SignalHealthy directionWarning sign
reconstruction lossdecreases and stabilizesstays high
KL termnonzero but controlledcollapses to zero or dominates loss
generated samplesplausible and diverseall similar or meaningless
interpolationchanges smoothlyjumps or leaves data-like regions

The common deep-learning tradeoff:

better reconstruction <-> more regular latent space

You tune that tradeoff with the KL weight, often called beta in beta-VAE.

Common Mistakes

MistakeFix
thinking VAE is just autoencoder plus noisefocus on mu, logvar, KL, and a samplable latent space
ignoring reparameterizationremember z = mu + eps * std keeps gradients flowing
forcing KL too hard too earlyconsider smaller beta or KL warmup
judging only reconstructionalso inspect generated samples and interpolation
comparing VAE and GAN only by image sharpnesscompare stability, latent structure, and task fit

Exercises

  1. Change the KL weight from 0.05 to 0.0. What happens to kl and generated samples?
  2. Change the KL weight to 0.5. Does reconstruction get worse?
  3. Decode points along a line from [-2, 0] to [2, 0]. Do outputs change smoothly?
  4. Replace ReLU with Tanh in the decoder.
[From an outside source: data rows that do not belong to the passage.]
(* Let $a\in\mathbb{Q}\setminus\{-1,0,1\}$ and let $z\in\mathbb{C}$ with $|z|\le1$. For any positive real numbers $\xi<x$, \begin{multline*} \sum_{\substack{p\le x \\ \nu_p(a)=0}} z^{\omega((p-1)/\mathrm{ord}_p(a))} = \sum_{\ell\mid Q_\xi} \mu^2(\ell) (z-1)^{\omega(\ell)} \#\{ p\le x : \nu_p(a)=0,\ \ell \mid (p-1)/\mathrm{ord}_p(a) \} \\ + O\biggl( \sum_{\xi<q\le x} \#\{ p\le x : \nu_p(a)=0,\ q \mid (p-1)/\mathrm{ord}_p(a) \} \biggr), \end{multline*} with an absolute implied constant.
   Context: $p,q$ denote primes. $\nu_p(a)$ is the $p$-adic valuation of $a$; $\mathrm{ord}_p(a)$ is the multiplicative order of $a$ mod $p$; $\omega(n)$ is the number of distinct prime factors; $\mu$ is the Möbius function. For $\xi>0$, $Q_\xi$ is the least common multiple of all positive integers $\le\xi$. The convention $0^0=1$ is used. *)

From HB Require Import structures.
From mathcomp Require Import all_boot all_order all_algebra.
From mathcomp Require Import reals.
From mathcomp Require Import complex.
Set Implicit Arguments. Unset Strict Implicit. Unset Printing Implicit Defensive.
Import Order.TTheory GRing.Theory Num.Theory.
Local Open Scope ring_scope.

Definition nu (p : nat) (a : rat) : int :=
  (logn p `|numq a|%N)%:Z - (logn p `|denq a|%N)%:Z.

(* Multiplicative order of a modulo p: the least k >= 1 with a^k = 1 mod p,
   i.e. numq a ^ k = denq a ^ k (mod p).  When nu p a = 0 such k exists and
   k <= p - 1 (Fermat), so the search over 1..p is exhaustive. *)
Definition ordp (p : nat) (a : rat) : nat :=
  (find (fun k : nat => ((numq a) ^+ k.+1 == (denq a) ^+ k.+1 %[mod p%:Z])%Z)
        (iota 0 p)).+1.

Definition omega (n : nat) : nat := size (primes n).

Definition squarefree (n : nat) : bool := (0 < n)%N && all (fun q => logn q n == 1%N) (primes n).
Definition mobius (n : nat) : int :=
  if squarefree n then (-1) ^+ omega n else 0.

Definition Qxi (R : realType) (xi : R) : nat :=
  \big[lcmn/1%N]_(1 <= k < (Num.truncn xi).+1) k.

Definition idx (p : nat) (a : rat) : nat := (p.-1 %/ ordp p a)%N.

Definition cnt (R : realType) (x : R) (a : rat) (l : nat) : nat :=
  \sum_(p < (Num.truncn x).+1 | [&& prime p, p%:R <= x, nu p a == 0
                                    & (l %| idx p a)%N]) 1%N.

Definition lhs (R : realType) (x : R) (a : rat) (z : R[i]) : R[i] :=
  \sum_(p < (Num.truncn x).+1 | [&& prime p, p%:R <= x & nu p a == 0])
     z ^+ omega (idx p a).

Definition mainterm (R : realType) (xi x : R) (a : rat) (z : R[i]) : R[i] :=
  \sum_(l <- divisors (Qxi xi))
     ((mobius l) ^+ 2)%:~R * (z - 1) ^+ omega l * (cnt x a l)%:R.

Definition errterm (R : realType) (xi x : R) (a : rat) : nat :=
  \sum_(q < (Num.truncn x).+1 | [&& prime q, xi < q%:R & q%:R <= x])
     cnt x a q.

From HB Require Import structures.
From mathcomp Require Import all_boot all_order all_algebra.
From mathcomp Require Import reals.
From mathcomp Require Import complex.
Import Order.TTheory GRing.Theory Num.Theory.
Local Open Scope ring_scope.
Set Implicit Arguments. Unset Strict Implicit. Unset Printing Implicit Defensive.

(** For a prime p with nu_p(a) = 0 put n = (p-1)/ord_p(a); Fermat's little
    theorem gives ord_p(a) <= p-1, hence 0 < n < p.  The divisor-sum identity
    sum_(d | m) mu(d)^2 w^omega(d) = (1+w)^omega(m), with w = z-1 and
    m = gcd(n, Q_xi), turns the contribution of p to the main term into
    z^omega(gcd(n, Q_xi)).  Every prime q <= xi divides Q_xi, so this equals
    z^omega(n) unless some prime q > xi divides n; then q <= n < p <= x, so p
    is counted in the error term, while the difference is at most 2 in
    modulus.  Hence one can take K = 2. *)

Lemma fermat_littlez (p : nat) (x : int) :
  prime p -> ~~ (p%:Z %| x)%Z -> (x ^+ p.-1 = 1 %[mod p])%Z.
Proof.
move=> p_pr p_ndvd_x.
have xp_eq_x : (x ^+ p = x %[mod p])%Z.
  have p_neq0 : p%:Z != 0 by rewrite eqz_nat -lt0n prime_gt0.
  rewrite -modzXm -[in RHS]modz_mod.
  have := modz_ge0 x p_neq0; case: (x %% p)%Z => // n _.
  by rewrite -!natz -natrX !natz !modz_nat (fermat_little n p_pr).
apply/eqP; rewrite eqz_mod_dvd.
move/eqP: xp_eq_x; rewrite eqz_mod_dvd.
have -> : x ^+ p - x = x * (x ^+ p.-1 - 1).
  by rewrite mulrBr mulr1 -exprS prednK ?prime_gt0.
by rewrite Gauss_dvdzr // coprimezE prime_coprime.
Qed.

Lemma nu_eq0_ndvd (p : nat) (a : rat) : prime p -> a != 0 -> nu p a = 0 ->
  ~~ (p%:Z %| numq a)%Z /\ ~~ (p%:Z %| denq a)%Z.
Proof.
move=> p_pr a_neq0 /eqP; rewrite /nu subr_eq0 eqz_nat => /eqP logn_eq.
have dvdz_logn (n : int) : n != 0 -> (p%:Z %| n)%Z = (0 < logn p `|n|)%N.
  by move=> n_neq0; rewrite logn_gt0 mem_primes p_pr absz_gt0 n_neq0.
have not_both : ~~ ((p%:Z %| numq a) && (p%:Z %| denq a))%Z.
  rewrite !dvdzE -dvdn_gcd (eqP (coprime_num_den a)) dvdn1.
  by rewrite neq_ltn prime_gt1 ?orbT.
move: not_both; rewrite !dvdz_logn ?numq_eq0 ?denq_eq0 // logn_eq andbb.
by split.
Qed.

Lemma ordp_le_pred (p : nat) (a : rat) : prime p ->
  ~~ (p%:Z %| numq a)%Z -> ~~ (p%:Z %| denq a)%Z -> (ordp p a <= p.-1)%N.
Proof.
move=> p_pr p_ndvd_num p_ndvd_den.
have pred2 : p.-2.+1 = p.-1 by case: (p) (prime_gt1 p_pr) => [|[|]].
rewrite /ordp; apply: find_ltn; rewrite take_iota; apply/hasP; exists p.-2.
  by rewrite mem_iota (minn_idPl (leq_pred p)) add0n ltn_predL -pred2.
by rewrite /= pred2 (fermat_littlez p_pr p_ndvd_num) (fermat_littlez p_pr p_ndvd_den).
Qed.

Lemma idx_bounds (p : nat) (a : rat) : prime p -> a != 0 -> nu p a = 0 ->
  (0 < idx p a < p)%N.
Proof.
move=> p_pr a_neq0 nu_eq0.
have [p_ndvd_num p_ndvd_den] := nu_eq0_ndvd p_pr a_neq0 nu_eq0.
have ordp_le := ordp_le_pred p_pr p_ndvd_num p_ndvd_den.
rewrite /idx divn_gt0 // ordp_le /=.
by rewrite (leq_ltn_trans (leq_div _ _)) // prednK ?prime_gt0.
Qed.

Lemma squarefreeP n : reflect (0 < n /\ forall q, logn q n <= 1)%N (squarefree n).
Proof.
apply: (iffP andP) => -[n_gt0 logn_n]; split=> //.
  move=> q; have [q_n | ] := boolP (q \in primes n).
    by rewrite (eqP (allP logn_n q q_n)).
  by rewrite -logn_gt0 -leqNgt => /leq_trans->.
by apply/allP => q q_n; rewrite eqn_leq logn_n logn_gt0.
Qed.

Lemma squarefreeMp p e : prime p -> (0 < e)%N ->
  squarefree (e * p) = ~~ (p %| e)%N && squarefree e.
Proof.
move=> p_pr e_gt0; have p_gt0 := prime_gt0 p_pr.
have lognMp q : logn q (e * p) = (logn q e + (q == p))%N.
  by rewrite lognM // (logn_prime _ p_pr).
have p_dvd_logn : (p %| e)%N = (0 < logn p e)%N.
  by rewrite logn_gt0 mem_primes p_pr e_gt0.
apply/squarefreeP/andP => [[_ logn_le1] | [p_ndvd /squarefreeP[_ logn_le1]]].
  split; first by have := logn_le1 p; rewrite lognMp eqxx addn1 ltnS p_dvd_logn -leqNgt.
  apply/squarefreeP; split=> // q; apply: leq_trans (logn_le1 q).
  by rewrite lognMp leq_addr.
split=> [|q]; first by rewrite muln_gt0 e_gt0.
rewrite lognMp; have [->|_] := eqVneq q p; last by rewrite addn0.
by move: p_ndvd; rewrite p_dvd_logn -leqNgt leqn0 => /eqP ->.
Qed.

Lemma coprime_prime_gt0 p m : prime p -> coprime p m -> (0 < m)%N.
Proof. by move=> p_pr; case: m => //; rewrite prime_coprime ?dvdn0. Qed.

Lemma omegaM_pexp p m k : prime p -> coprime p m -> (0 < k)%N ->
  omega (m * p ^ k) = (omega m).+1.
Proof.
move=> p_pr cop_pm k_gt0; have m_gt0 := coprime_prime_gt0 p_pr cop_pm.
rewrite /omega -[(size (primes m)).+1]/(size (p :: primes m)).
apply: perm_size; apply: uniq_perm; rewrite ?primes_uniq //=.
  by rewrite primes_uniq andbT mem_primes p_pr m_gt0 -prime_coprime.
have pk_gt0 : (0 < p ^ k)%N by rewrite expn_gt0 prime_gt0.
by move=> q; rewrite primesM // primesX // (primes_prime p_pr) !inE orbC.
Qed.

Lemma perm_divisorsM_pexp_ndvd p m k : prime p -> coprime p m ->
  perm_eq [seq d <- divisors (m * p ^ k) | ~~ (p %| d)%N] (divisors m).
Proof.
move=> p_pr cop_pm; have m_gt0 := coprime_prime_gt0 p_pr cop_pm.
have mpk_gt0 : (0 < m * p ^ k)%N by rewrite muln_gt0 m_gt0 expn_gt0 prime_gt0.
apply: uniq_perm; rewrite ?filter_uniq ?divisors_uniq // => d.
rewrite mem_filter -!dvdn_divisors //.
apply/andP/idP => [[p_ndvd_d] | d_dvd_m].
  by rewrite Gauss_dvdl // coprimeXr // coprime_sym prime_coprime.
rewrite dvdn_mulr //; split=> //; apply: contraL cop_pm => p_dvd_d.
by rewrite prime_coprime // negbK (dvdn_trans p_dvd_d).
Qed.

Lemma perm_divisorsMp_dvd p n : (0 < p)%N -> (0 < n)%N ->
  perm_eq [seq d <- divisors (n * p) | (p %| d)%N] [seq e * p | e <- divisors n]%N.
Proof.
move=> p_gt0 n_gt0; have np_gt0 : (0 < n * p)%N by rewrite muln_gt0 n_gt0.
apply: uniq_perm; rewrite ?filter_uniq ?divisors_uniq //.
  have mulIp : injective (muln^~ p) by move=> x y /eqP; rewrite eqn_pmul2r // => /eqP.
  by rewrite (map_inj_uniq mulIp) divisors_uniq.
move=> d; rewrite mem_filter -dvdn_divisors //; apply/andP/mapP.
  move=> [/dvdnP[e ->]]; rewrite dvdn_pmul2r // => e_dvd_n.
  by exists e; rewrite -?dvdn_divisors.
by move=> [e]; rewrite -dvdn_divisors // => e_dvd_n ->; rewrite dvdn_mull ?dvdn_mul.
Qed.

Section SquarefreeDivisorSum.

Variables (R : comPzSemiRingType) (w : R).

Let F d := (squarefree d)%:R * w ^+ omega d.

Lemma squarefree_weightMp p e : prime p -> (0 < e)%N ->
  F (e * p) = if (p %| e)%N then 0 else w * F e.
Proof.
move=> p_pr e_gt0; rewrite /F squarefreeMp //.
have [//|p_ndvd_e] := ifPn; first by rewrite mul0r.
by rewrite -(expn1 p) omegaM_pexp ?prime_coprime // exprS mulrCA.
Qed.

Lemma sum_squarefree_weightM_pexp p m k : prime p -> coprime p m -> (0 < k)%N ->
  \sum_(d <- divisors (m * p ^ k)) F d = (1 + w) * \sum_(d <- divisors m) F d.
Proof.
move=> p_pr cop_pm k_gt0.
rewrite -(perm_big _ (permEl (perm_filterC (dvdn p) _))) big_cat /=.
rewrite addrC mulrDl mul1r (perm_big _ (perm_divisorsM_pexp_ndvd k p_pr cop_pm)).
congr (_ + _).
have p_gt0 := prime_gt0 p_pr; have m_gt0 := coprime_prime_gt0 p_pr cop_pm.
have mpk_gt0 : (0 < m * p ^ k.-1)%N by rewrite muln_gt0 m_gt0 expn_gt0 p_gt0.
rewrite -(prednK k_gt0) expnSr mulnA (perm_big _ (perm_divisorsMp_dvd p_gt0 mpk_gt0)).
rewrite big_map -(perm_big _ (perm_divisorsM_pexp_ndvd k.-1 p_pr cop_pm)).
rewrite big_filter mulr_sumr [RHS]big_mkcond; apply: eq_big_seq => e.
rewrite -dvdn_divisors // => /dvdn_gt0 e_gt0.
by rewrite squarefree_weightMp ?e_gt0 //; case: (p %| e)%N.
Qed.

Lemma sum_squarefree_divisors n : (0 < n)%N ->
  \sum_(d <- divisors n) (squarefree d)%:R * w ^+ omega d = (1 + w) ^+ omega n.
Proof.
elim/ltn_ind: n => n IHn n_gt0.
have [n_gt1 | n_le1] := ltnP 1 n; last first.
  have -> : n = 1%N by apply/eqP; rewrite eqn_leq n_le1.
  have -> : divisors 1 = [:: 1%N] by [].
  by rewrite big_seq1 mul1r.
have p_pr := pdiv_prime n_gt1.
have [m cop_pm n_eq] := pfactor_coprime p_pr n_gt0.
have k_gt0 : (0 < logn (pdiv n) n)%N.
  by rewrite logn_gt0 mem_primes p_pr n_gt0 pdiv_dvd.
have m_lt_n : (m < n)%N.
  rewrite [X in (_ < X)%N]n_eq -[X in (X < _)%N]muln1 ltn_pmul2l.
    by rewrite -(expn0 (pdiv n)) ltn_exp2l ?prime_gt1.
  exact: coprime_prime_gt0 p_pr cop_pm.
rewrite n_eq sum_squarefree_weightM_pexp // IHn ?(coprime_prime_gt0 p_pr) //.
by rewrite omegaM_pexp // exprS.
Qed.

End SquarefreeDivisorSum.

Lemma primes_gcdn_idl n m : (0 < n)%N -> {subset primes n <= primes m} ->
  primes (gcdn n m) = primes n.
Proof.
move=> n_gt0 n_sub_m; apply/eq_primes => q.
rewrite !mem_primes gcdn_gt0 n_gt0 dvdn_gcd /=.
apply/and3P/andP => [[] // | [q_pr q_dvd_n]]; split=> //.
have /n_sub_m : q \in primes n by rewrite mem_primes q_pr n_gt0.
by rewrite mem_primes => /and3P[].
Qed.

Lemma norm_exprB_le2 (C : numDomainType) (z : C) i j : `|z| <= 1 ->
  `|z ^+ i - z ^+ j| <= 2.
Proof.
move=> z_le1; apply: le_trans (ler_normB _ _) _; rewrite !normrX.
by rewrite -[2]/(1 + 1) lerD // exprn_ile1.
Qed.

Lemma Qxi_gt0 (R : realType) (xi : R) : (0 < Qxi xi)%N.
Proof.
rewrite /Qxi big_seq; apply: (big_ind (fun n => 0 < n)%N) => // [u v|k].
  by rewrite lcmn_gt0 => -> ->.
by rewrite mem_index_iota => /andP[].
Qed.

Lemma dvdn_Qxi (R : realType) (xi : R) q : (0 < q)%N -> q%:R <= xi -> (q %| Qxi xi)%N.
Proof.
move=> q_gt0 q_le_xi; have xi_ge0 : 0 <= xi by apply: le_trans q_le_xi.
rewrite /Qxi (big_rem q) ?dvdn_lcml //.
by rewrite mem_index_iota q_gt0 ltnS truncn_ge_nat.
Qed.

Lemma intr_mobius_sqr (C : pzRingType) l :
  ((mobius l ^+ 2)%:~R : C) = (squarefree l)%:R.
Proof. by rewrite /mobius; case: (squarefree l); rewrite ?sqrr_sign ?expr0n. Qed.

Lemma sum_mobius_sqr_divisors_dvd (C : comPzRingType) (w : C) n m :
  (0 < n)%N -> (0 < m)%N ->
  \sum_(l <- divisors m) (mobius l ^+ 2)%:~R * w ^+ omega l * (l %| n)%:R =
    (1 + w) ^+ omega (gcdn n m).
Proof.
move=> n_gt0 m_gt0; have nm_gt0 : (0 < gcdn n m)%N by rewrite gcdn_gt0 n_gt0.
have divisors_gcdn : perm_eq [seq l <- divisors m | (l %| n)%N] (divisors (gcdn n m)).
  apply: uniq_perm; rewrite ?filter_uniq ?divisors_uniq // => l.
  by rewrite mem_filter -!dvdn_divisors // dvdn_gcd andbC.
rewrite -sum_squarefree_divisors // -(perm_big _ divisors_gcdn).
rewrite big_filter [RHS]big_mkcond.
by apply: eq_bigr => l _; rewrite intr_mobius_sqr; case: ifP; rewrite ?mulr1 ?mulr0.
Qed.

Lemma norm_omega_gcdn_Qxi_le (R : realType) (xi x : R) (z : R[i]) n :
  `|z| <= 1 -> (0 < n)%N -> n%:R <= x ->
  `|z ^+ omega n - z ^+ omega (gcdn n (Qxi xi))| <=
    (2 * \sum_(q < (Num.truncn x).+1 | [&& prime q, xi < q%:R & q%:R <= x])
           ((q %| n)%N : nat))%:R.
Proof.
move=> z_le1 n_gt0 n_le_x.
set E := (\sum_(q < _ | _) _)%N.
have [E_eq0 | E_gt0] := posnP E; last first.
  by apply: le_trans (norm_exprB_le2 _ _ z_le1) _; rewrite ler_nat leq_pmulr.
suff -> : omega (gcdn n (Qxi xi)) = omega n by rewrite subrr normr0.
rewrite /omega primes_gcdn_idl // => q; rewrite mem_primes => /and3P[q_pr _ q_dvd_n].
rewrite mem_primes q_pr Qxi_gt0; apply: dvdn_Qxi (prime_gt0 q_pr) _.
rewrite leNgt; apply/negP => xi_lt_q.
have q_le_x : q%:R <= x by apply: le_trans n_le_x; rewrite ler_nat dvdn_leq.
have q_lt_N : (q < (Num.truncn x).+1)%N.
  by rewrite ltnS truncn_ge_nat // (le_trans _ q_le_x).
move: E_eq0; rewrite /E (bigD1 (Ordinal q_lt_N)) /=; first by rewrite q_dvd_n.
by rewrite q_pr xi_lt_q q_le_x.
Qed.

Section PrimeSums.

Variables (R : realType) (xi x : R) (a : rat).

Lemma cntE l : cnt x a l =
  \sum_(p < (Num.truncn x).+1 | [&& prime p, p%:R <= x & nu p a == 0])
    ((l %| idx p a)%N : nat).
Proof.
rewrite /cnt big_mkcond [RHS]big_mkcond; apply: eq_bigr => p _ /=.
by rewrite !andbA; case: (prime p && _ && _); case: (l %| idx p a)%N.
Qed.

Lemma mainterm_sum_primes (z : R[i]) : a != 0 ->
  mainterm xi x a z =
  \sum_(p < (Num.truncn x).+1 | [&& prime p, p%:R <= x & nu p a == 0])
    z ^+ omega (gcdn (idx p a) (Qxi xi)).
Proof.
move=> a_neq0; rewrite /mainterm.
under eq_bigr do rewrite cntE natr_sum mulr_sumr.
rewrite exchange_big; apply: eq_bigr => p /and3P[p_pr _ /eqP nu_eq0].
have /andP[idx_gt0 _] := idx_bounds p_pr a_neq0 nu_eq0.
by rewrite sum_mobius_sqr_divisors_dvd ?Qxi_gt0 // addrC subrK.
Qed.

Lemma errterm_sum_primes : errterm xi x a =
  \sum_(p < (Num.truncn x).+1 | [&& prime p, p%:R <= x & nu p a == 0])
  \sum_(q < (Num.truncn x).+1 | [&& prime q, xi < q%:R & q%:R <= x])
    ((q %| idx p a)%N : nat).
Proof. by rewrite /errterm; under eq_bigr do rewrite cntE; exact: exchange_big. Qed.

End PrimeSums.

Theorem proposition2p3 :
  exists K : nat, forall (R : realType) (a : rat) (z : R[i]) (xi x : R),
    a != -1 -> a != 0 -> a != 1 ->
    `|z| <= 1 ->
    0 < xi -> xi < x ->
    `| lhs x a z - mainterm xi x a z | <= (K * errterm xi x a)%:R.
Proof.
exists 2%N => R a z xi x _ a_neq0 _ z_le1 _ _.
rewrite mainterm_sum_primes // errterm_sum_primes /lhs -sumrB big_distrr natr_sum.
apply: le_trans (ler_norm_sum _ _ _) _.
apply: ler_sum => p /and3P[p_pr p_le_x /eqP nu_eq0].
have /andP[idx_gt0 idx_lt_p] := idx_bounds p_pr a_neq0 nu_eq0.
apply: norm_omega_gcdn_Qxi_le => //.
by apply: le_trans p_le_x; rewrite ler_nat ltnW.
Qed.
Does training still converge?
  5. Explain why VAE is useful for learning latent-space intuition even when GAN or diffusion produces sharper images.

Key Takeaways

  • VAE learns a latent distribution, not just a fixed code.
  • Reparameterization keeps sampling compatible with backpropagation.
  • The KL term makes latent space smoother and more samplable.
  • VAE is often easier to train than GAN, but may trade sharpness for structure.
  • Understanding VAE makes later diffusion and representation learning easier.